The article is structured as follows: section 2 introduces the evolution and section 3 discusses the mobility issues in 4 G networks. The conclusion is presented in section 4.
2. THE EVOLUTION
0G Networks represents the 1st Generation of mobile telephony, where satellite phones were developed and deployed for boats mainly. 1G Network provided the facilities of making voice calls and sending text messages. (NMT, AMPS, TACS) are considered to be the first analog cellular systems, which started in early 1980s. The greatest disadvantage 1G had was that it only allowed to contact within the premises of that particular nation. 2G Network (GSM) represents the 2nd Generation of mobile telecommunications and is still the most widespread technology in the world but with a slow rate of 9.6 Kbytes/sec. 2.5G Network, mid generation offered a higher data rate than 2G technology and enabled the delivery of basic data services like text messaging but not enough to
download an image or browse a website with data rate upto 144 kbps. GPRS, EDGE and CDMA 2000 were 2.5 technologies. 2.75G Network enabled watch streaming video and download mp3 files faster upto 180kbps.
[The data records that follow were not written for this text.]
Lemma relax_beta_poly_strict_support n : ~~ odd n ->
  strict_support [set z | z <= delta]
    (relax_beta (RPoly n.+2) delta) (relax_beta_slope (RPoly n.+2) delta).
Proof.
move=> ev; set k : R := n.+2%:R.
have k1 : 0 < k - 1 by rewrite /k -natr1 addrK ltr0n.
set W := (k - 1) / k; set p := ((k - 1) * delta)^-1; set r := - (k * delta) * p.
have W0 : 0 < W by rewrite divr_gt0 // ltr0n.
have p0 : p != 0 by rewrite invr_eq0 mulf_neq0 // gt_eqF.
have uE z : (z - k * delta) / ((k - 1) * delta) = p * z + r by rewrite /r /p; ring.
apply: (eq_strict_support (f' := fun z => W * (p * z + r) ^+ n.+2 + (- W - ln delta) + 0 * z)
                          (g' := fun z => W * p * (n.+2%:R * (p * z + r) ^+ n.+1) + 0)).
- by move=> z _; rewrite /relax_beta uE -/k /W; ring.
- move=> z _; rewrite /relax_beta_slope uE -/k /= /W /p; field.
  by rewrite !gt_eqF // ?ltr0n.
apply: sub_strict_support
  (strict_support_affine (r := r) (- W - ln delta) 0 W0 p0 (expr_even_strict_support ev)).
move=> z /= zd; rewrite -uE pmulr_llt0 ?invr_gt0 ?mulr_gt0 //.
have : 0 < (k - 1) * delta by rewrite mulr_gt0.
lra.
Qed.
(* Let $v=(x,y,z)^T\in\mathbb{O}^3$ with associator $[v]:=[x,y,z]\neq 0$. If there exists a $3\times3$ Hermitian octonionic matrix $A$ with $Av=v[v]$, then $\operatorname{Re}(x)=\operatorname{Re}(y)=\operatorname{Re}(z)=0$, i.e. $\operatorname{Re}(v)=0$.
   Context: $\mathbb{O}$ denotes the real octonions (8-dimensional normed division algebra, nonassociative). For $w\in\mathbb{O}$, $\operatorname{Re}(w)$ is its real part. The associator is $[x,y,z]=(xy)z-x(yz)$. A $3\times3$ Hermitian octonionic matrix has the form $A=\begin{pmatrix} p & a & \bar c\\ \bar a & m & b\\ c & \bar b & n\end{pmatrix}$ with $p,m,n\in\mathbb{R}$, $a,b,c\in\mathbb{O}$. $Av$ has components $\sum_j A_{ij}v_j$ (octonionic products) and $v[v]=(x[v],y[v],z[v])^T$; thus $Av=v[v]$ means $px+ay+\bar c z = x[v]$, $\bar a x+my+bz=y[v]$, $cx+\bar b y+nz=z[v]$. *)

From Stdlib Require Import Reals.
Open Scope R_scope.

(* Quaternions a + b i + c j + d k *)
Record quat : Type := Quat { q0 : R; q1 : R; q2 : R; q3 : R }.

Definition qadd (p q : quat) : quat :=
  Quat (q0 p + q0 q) (q1 p + q1 q) (q2 p + q2 q) (q3 p + q3 q).
Definition qopp (p : quat) : quat :=
  Quat (- q0 p) (- q1 p) (- q2 p) (- q3 p).
Definition qconj (p : quat) : quat :=
  Quat (q0 p) (- q1 p) (- q2 p) (- q3 p).
(* Hamilton product, i^2 = j^2 = k^2 = ijk = -1 *)
Definition qmul (p q : quat) : quat :=
  Quat (q0 p * q0 q - q1 p * q1 q - q2 p * q2 q - q3 p * q3 q)
       (q0 p * q1 q + q1 p * q0 q + q2 p * q3 q - q3 p * q2 q)
       (q0 p * q2 q - q1 p * q3 q + q2 p * q0 q + q3 p * q1 q)
       (q0 p * q3 q + q1 p * q2 q - q2 p * q1 q + q3 p * q0 q).

(* Octonions as pairs of quaternions (Cayley-Dickson):
   (a,b)(c,d) = (ac - conj(d) b, d a + b conj(c)),  conj(a,b) = (conj a, -b). *)
Record oct : Type := Oct { ofst : quat; osnd : quat }.

Definition oadd (x y : oct) : oct :=
  Oct (qadd (ofst x) (ofst y)) (qadd (osnd x) (osnd y)).
Definition oopp (x : oct) : oct := Oct (qopp (ofst x)) (qopp (osnd x)).
Definition osub (x y : oct) : oct := oadd x (oopp y).
Definition omul (x y : oct) : oct :=
  Oct (qadd (qmul (ofst x) (ofst y)) (qopp (qmul (qconj (osnd y)) (osnd x))))
      (qadd (qmul (osnd y) (ofst x)) (qmul (osnd x) (qconj (ofst y)))).
Definition oconj (x : oct) : oct := Oct (qconj (ofst x)) (qopp (osnd x)).

Definition oreal (r : R) : oct := Oct (Quat r 0 0 0) (Quat 0 0 0 0).
Definition ozero : oct := oreal 0.

Definition oRe (x : oct) : R := q0 (ofst x).

Definition assoc (x y z : oct) : oct :=
  osub (omul (omul x y) z) (omul x (omul y z)).

(* A v = v [v] for the Hermitian matrix
     A = [[p, a, conj c], [conj a, m, b], [c, conj b, n]],  p m n real. *)
Definition herm_eigen (p m n : R) (a b c x y z : oct) : Prop :=
  let w := assoc x y z in
  oadd (oadd (omul (oreal p) x) (omul a y)) (omul (oconj c) z) = omul x w /\
  oadd (oadd (omul (oconj a) x) (omul (oreal m) y)) (omul b z) = omul y w /\
  oadd (oadd (omul c x) (omul (oconj b) y)) (omul (oreal n) z) = omul z w.

From Stdlib Require Import Reals Lra Psatz.
Open Scope R_scope.

(* Let <u, w> be the Euclidean inner product on O = R^8.  For
   the test triple
     U = ( |x|^2 z - <x,z> x ,  <x,z> y - (y conj z) x ,  <x,z> z - |z|^2 x )
   we show:
   (1) U is orthogonal to A v for EVERY Hermitian A: <U_i, v_i> = 0 kills the
       real diagonal entries, and three identities of the form
       U_1 conj y + conj (U_2 conj x) = 0 kill each off-diagonal pair a, conj a
       (each entry a enters <U, A v> as <U_1 conj y + conj (U_2 conj x), a>);
   (2) <U, v [v]> = Re(y) |[v]|^2, using alternativity of O and the facts
       Re [v] = 0, [v] orthogonal to conj(x) z and conj(z) x.
   Hence A v = v [v] and [v] <> 0 force Re(y) = 0.  The eigen-equation is
   invariant under the cyclic rotation (x,y,z) -> (y,z,x) (with the entries of
   A rotated accordingly), as is the associator, which gives Re(z) and Re(x). *)

Definition dot (a b : oct) : R :=
  q0 (ofst a) * q0 (ofst b) + q1 (ofst a) * q1 (ofst b)
  + q2 (ofst a) * q2 (ofst b) + q3 (ofst a) * q3 (ofst b)
  + q0 (osnd a) * q0 (osnd b) + q1 (osnd a) * q1 (osnd b)
  + q2 (osnd a) * q2 (osnd b) + q3 (osnd a) * q3 (osnd b).

Ltac destruct_octs :=
  repeat match goal with
  | o : oct |- _ => destruct o as [[? ? ? ?] [? ? ? ?]]
  end.
Ltac unfold_oct :=
  cbv beta iota delta [dot oRe osub oadd oopp omul oconj oreal ozero assoc
                       qadd qmul qopp qconj ofst osnd q0 q1 q2 q3].
Ltac oct_ring := destruct_octs; unfold_oct; ring.
Ltac oct_eq := destruct_octs; unfold_oct; f_equal; f_equal; ring.

Lemma dot_add_l (a b u : oct) : dot (oadd a b) u = dot a u + dot b u.
Proof. oct_ring. Qed.
Lemma dot_add_r (u a b : oct) : dot u (oadd a b) = dot u a + dot u b.
Proof. oct_ring. Qed.
Lemma dot_sub_l (a b u : oct) : dot (osub a b) u = dot a u - dot b u.
Proof. oct_ring. Qed.
Lemma dot_sub_r (u a b : oct) : dot u (osub a b) = dot u a - dot u b.
Proof. oct_ring. Qed.
Lemma dot_opp_l (a b : oct) : dot (oopp a) b = - dot a b.
Proof. oct_ring. Qed.
Lemma dot_scale_l (r : R) (a u : oct) : dot (omul (oreal r) a) u = r * dot a u.
Proof. oct_ring. Qed.
Lemma dot_scale_r (u : oct) (r : R) (a : oct) :
  dot u (omul (oreal r) a) = r * dot u a.
Proof. oct_ring. Qed.
Lemma dot_zero_l (u : oct) : dot ozero u = 0.
Proof. oct_ring. Qed.
Lemma dot_sym (a b : oct) : dot a b = dot b a.
Proof. oct_ring. Qed.

Lemma dot_self_neq0 (a : oct) : a <> ozero -> dot a a <> 0.
Proof.
  intros Ha H. apply Ha. destruct_octs. unfold dot in H; simpl in H.
  unfold ozero, oreal. repeat f_equal; nra.
Qed.

Lemma dot_mul_r_adj (u a v : oct) : dot u (omul a v) = dot (omul u (oconj v)) a.
Proof. oct_ring. Qed.
Lemma dot_mul_l_adj (u a v : oct) : dot u (omul a v) = dot (omul (oconj a) u) v.
Proof. oct_ring. Qed.
Lemma dot_conj (u a : oct) : dot u (oconj a) = dot (oconj u) a.
Proof. oct_ring. Qed.

Lemma dot_mul_same_l (y a b : oct) :
  dot (omul y a) (omul y b) = dot y y * dot a b.
Proof. oct_ring. Qed.
Lemma dot_mul_same_r (z a b : oct) :
  dot (omul a z) (omul b z) = dot z z * dot a b.
Proof. oct_ring. Qed.

Lemma dot_self_mul (a w : oct) : dot a (omul a w) = dot a a * oRe w.
Proof. oct_ring. Qed.
Lemma dot_mul_self (y w : oct) : dot w (omul y w) = oRe y * dot w w.
Proof. oct_ring. Qed.

Lemma left_alternative (a b : oct) : omul a (omul a b) = omul (omul a a) b.
Proof. oct_eq. Qed.
Lemma conj_conj_mul (x z : oct) : omul (oconj z) x = oconj (omul (oconj x) z).
Proof. oct_eq. Qed.

Lemma re_assoc (x y z : oct) : oRe (assoc x y z) = 0.
Proof. oct_ring. Qed.
Lemma conj_assoc (x y z : oct) : oconj (assoc x y z) = oopp (assoc x y z).
Proof. oct_eq. Qed.
Lemma assoc_rotate (x y z : oct) : assoc y z x = assoc x y z.
Proof. oct_eq. Qed.
Lemma assoc_yzx (x y z : oct) :
  omul (omul y (oconj z)) x = osub (omul y (omul (oconj z) x)) (assoc x y z).
Proof. oct_eq. Qed.

Lemma assoc_orth_conj_l (x y z : oct) :
  dot (omul (oconj x) z) (assoc x y z) = 0.
Proof.
  unfold assoc at 1. rewrite dot_sub_r, dot_mul_same_r.
  rewrite (dot_mul_l_adj _ x (omul y z)), left_alternative, dot_mul_same_r.
  rewrite (dot_mul_l_adj (oconj x) x y). ring.
Qed.

Lemma assoc_orth_conj_r (x y z : oct) :
  dot (omul (oconj z) x) (assoc x y z) = 0.
Proof.
  rewrite conj_conj_mul, dot_sym, dot_conj, conj_assoc, dot_opp_l, dot_sym,
    assoc_orth_conj_l.
  ring.
Qed.

(* Conditions on a triple (u1,u2,u3) making it orthogonal to A v for every
   Hermitian A: orthogonality to the diagonal terms, and cancellation of the
   contributions of the off-diagonal entries a, b, c. *)
Definition annihilates_hermitian (u1 u2 u3 x y z : oct) : Prop :=
  dot u1 x = 0 /\ dot u2 y = 0 /\ dot u3 z = 0 /\
  oadd (omul u1 (oconj y)) (oconj (omul u2 (oconj x))) = ozero /\
  oadd (omul u2 (oconj z)) (oconj (omul u3 (oconj y))) = ozero /\
  oadd (oconj (omul u1 (oconj z))) (omul u3 (oconj x)) = ozero.

Lemma annihilates_hermitian_orth (u1 u2 u3 x y z : oct) (p m n : R) (a b c : oct) :
  annihilates_hermitian u1 u2 u3 x y z ->
  dot u1 (oadd (oadd (omul (oreal p) x) (omul a y)) (omul (oconj c) z))
  + dot u2 (oadd (oadd (omul (oconj a) x) (omul (oreal m) y)) (omul b z))
  + dot u3 (oadd (oadd (omul c x) (omul (oconj b) y)) (omul (oreal n) z)) = 0.
Proof.
  intros (D1 & D2 & D3 & Oa & Ob & Oc).
  assert (Ea : dot u1 (omul a y) + dot u2 (omul (oconj a) x) = 0).
  { rewrite dot_mul_r_adj, (dot_mul_r_adj _ (oconj a)), dot_conj, <- dot_add_l,
      Oa, dot_zero_l.
    reflexivity. }
  assert (Eb : dot u2 (omul b z) + dot u3 (omul (oconj b) y) = 0).
  { rewrite dot_mul_r_adj, (dot_mul_r_adj _ (oconj b)), (dot_conj _ b),
      <- dot_add_l, Ob, dot_zero_l.
    reflexivity. }
  assert (Ec : dot u1 (omul (oconj c) z) + dot u3 (omul c x) = 0).
  { rewrite dot_mul_r_adj, (dot_mul_r_adj _ c), dot_conj, <- dot_add_l, Oc,
      dot_zero_l.
    reflexivity. }
  rewrite !dot_add_r, !dot_scale_r, D1, D2, D3. lra.
Qed.

Definition test1 (x y z : oct) : oct :=
  osub (omul (oreal (dot x x)) z) (omul (oreal (dot x z)) x).
Definition test2 (x y z : oct) : oct :=
  osub (omul (oreal (dot x z)) y) (omul (omul y (oconj z)) x).
Definition test3 (x y z : oct) : oct :=
  osub (omul (oreal (dot x z)) z) (omul (oreal (dot z z)) x).

(* The test triple satisfies the annihilation conditions; these are
   consequences of alternativity ((a b) conj b = |b|^2 a), checked on
   coordinates. *)
Lemma test_annihilates_hermitian (x y z : oct) :
  annihilates_hermitian (test1 x y z) (test2 x y z) (test3 x y z) x y z.
Proof.
  unfold annihilates_hermitian, test1, test2, test3.
  split; [oct_ring | split; [oct_ring | split; [oct_ring |]]].
  split; [oct_eq | split; oct_eq].
Qed.

Lemma test1_pairing (x y z : oct) : dot (test1 x y z) (omul x (assoc x y z)) = 0.
Proof.
  unfold test1 at 1. rewrite dot_sub_l, !dot_scale_l, dot_self_mul, re_assoc,
    dot_mul_l_adj, assoc_orth_conj_l.
  ring.
Qed.

Lemma test2_pairing (x y z : oct) :
  dot (test2 x y z) (omul y (assoc x y z)) = oRe y * dot (assoc x y z) (assoc x y z).
Proof.
  unfold test2 at 1. rewrite dot_sub_l, dot_scale_l, dot_self_mul, re_assoc,
    assoc_yzx, dot_sub_l, dot_mul_same_l, assoc_orth_conj_r, dot_mul_self.
  ring.
Qed.

Lemma test3_pairing (x y z : oct) : dot (test3 x y z) (omul z (assoc x y z)) = 0.
Proof.
  unfold test3 at 1. rewrite dot_sub_l, !dot_scale_l, dot_self_mul, re_assoc,
    (dot_mul_l_adj x), assoc_orth_conj_r.
  ring.
Qed.

Lemma herm_eigen_re_middle (p m n : R) (a b c x y z : oct) :
  herm_eigen p m n a b c x y z -> assoc x y z <> ozero -> oRe y = 0.
Proof.
  intros (E1 & E2 & E3) Hw.
  pose proof (annihilates_hermitian_orth _ _ _ _ _ _ p m n a b c
                (test_annihilates_hermitian x y z)) as Horth.
  rewrite E1, E2, E3, test1_pairing, test2_pairing, test3_pairing in Horth.
  rewrite Rplus_0_l, Rplus_0_r in Horth.
  apply Rmult_integral in Horth as [Hre | Hre]; [exact Hre |].
  exfalso. exact (dot_self_neq0 _ Hw Hre).
Qed.

Lemma herm_eigen_rotate (p m n : R) (a b c x y z : oct) :
  herm_eigen p m n a b c x y z -> herm_eigen m n p b c a y z x.
Proof.
  assert (Rot : forall A B C : oct, oadd (oadd A B) C = oadd (oadd B C) A)
    by (intros; oct_eq).
  unfold herm_eigen. intros (E1 & E2 & E3). rewrite assoc_rotate.
  rewrite Rot in E1, E2, E3. split; [exact E2 | split; [exact E3 | exact E1]].
Qed.

Theorem theorem1 (x y z : oct) :
  assoc x y z <> ozero ->
  (exists (p m n : R) (a b c : oct), herm_eigen p m n a b c x y z) ->
  oRe x = 0 /\ oRe y = 0 /\ oRe z = 0.
Proof.
  intros Hw (p & m & n & a & b & c & E).
  pose proof (herm_eigen_rotate _ _ _ _ _ _ _ _ _ E) as E'.
  pose proof (herm_eigen_rotate _ _ _ _ _ _ _ _ _ E') as E''.
  assert (Hw' : assoc y z x <> ozero) by (rewrite assoc_rotate; exact Hw).
  assert (Hw'' : assoc z x y <> ozero) by (rewrite assoc_rotate; exact Hw').
  split; [| split].
  - exact (herm_eigen_re_middle _ _ _ _ _ _ _ _ _ E'' Hw'').
  - exact (herm_eigen_re_middle _ _ _ _ _ _ _ _ _ E Hw).
  - exact (herm_eigen_re_middle _ _ _ _ _ _ _ _ _ E' Hw').
Qed.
3G Network represents the 3rd Generation designed to overcome all the limitations of above technologies. GSM 3G networks are termed UMTS in US and wideband CDMA (WCDMA) worldwide. UMTS supports global roaming capabilities and speed is 3 times that of a GSM. 3.5G or 3G+ NETWORKoffers 7.2 and 14.4 Mbps on cell phones. 4G Networks is the future.Some basic 4G research is being done, but no frequencies have been allocated. The Fourth Generation could be ready for implementation around 2012. 4G should support at least 100 Mbps peak rates in full-mobility wide area coverage and 1Gbps in low-mobility local area coverage”. Some of the limitations of 3G [3] which originated 4G can be listed as:
1) All the problems are partly solved, doesnot have sufficient capabilities.
2) Difficulty in increasing bandwidth.
3) Limitation of spectrum and its allocation.
4) Difficult to roam across distinct serviceenvironment.
The 4G mobility management includes additional mobility related features, absent in previous generation networks, such as; Moving Networks, Seamless Roaming and Vertical Handover.
3. MOBILITY MANAGEMENT ISSUES
According to the mobility scenarios for future, referred in ongoing researches the following mobility management issues can be highlighted:
3.1 Connectivity
Triggering. Different kinds of events can trigger mobility management actions that may result in some conflicts. A general framework is required to resolve conflicting triggers generated simultaneously by different components, on the basis of predefined policies and rules.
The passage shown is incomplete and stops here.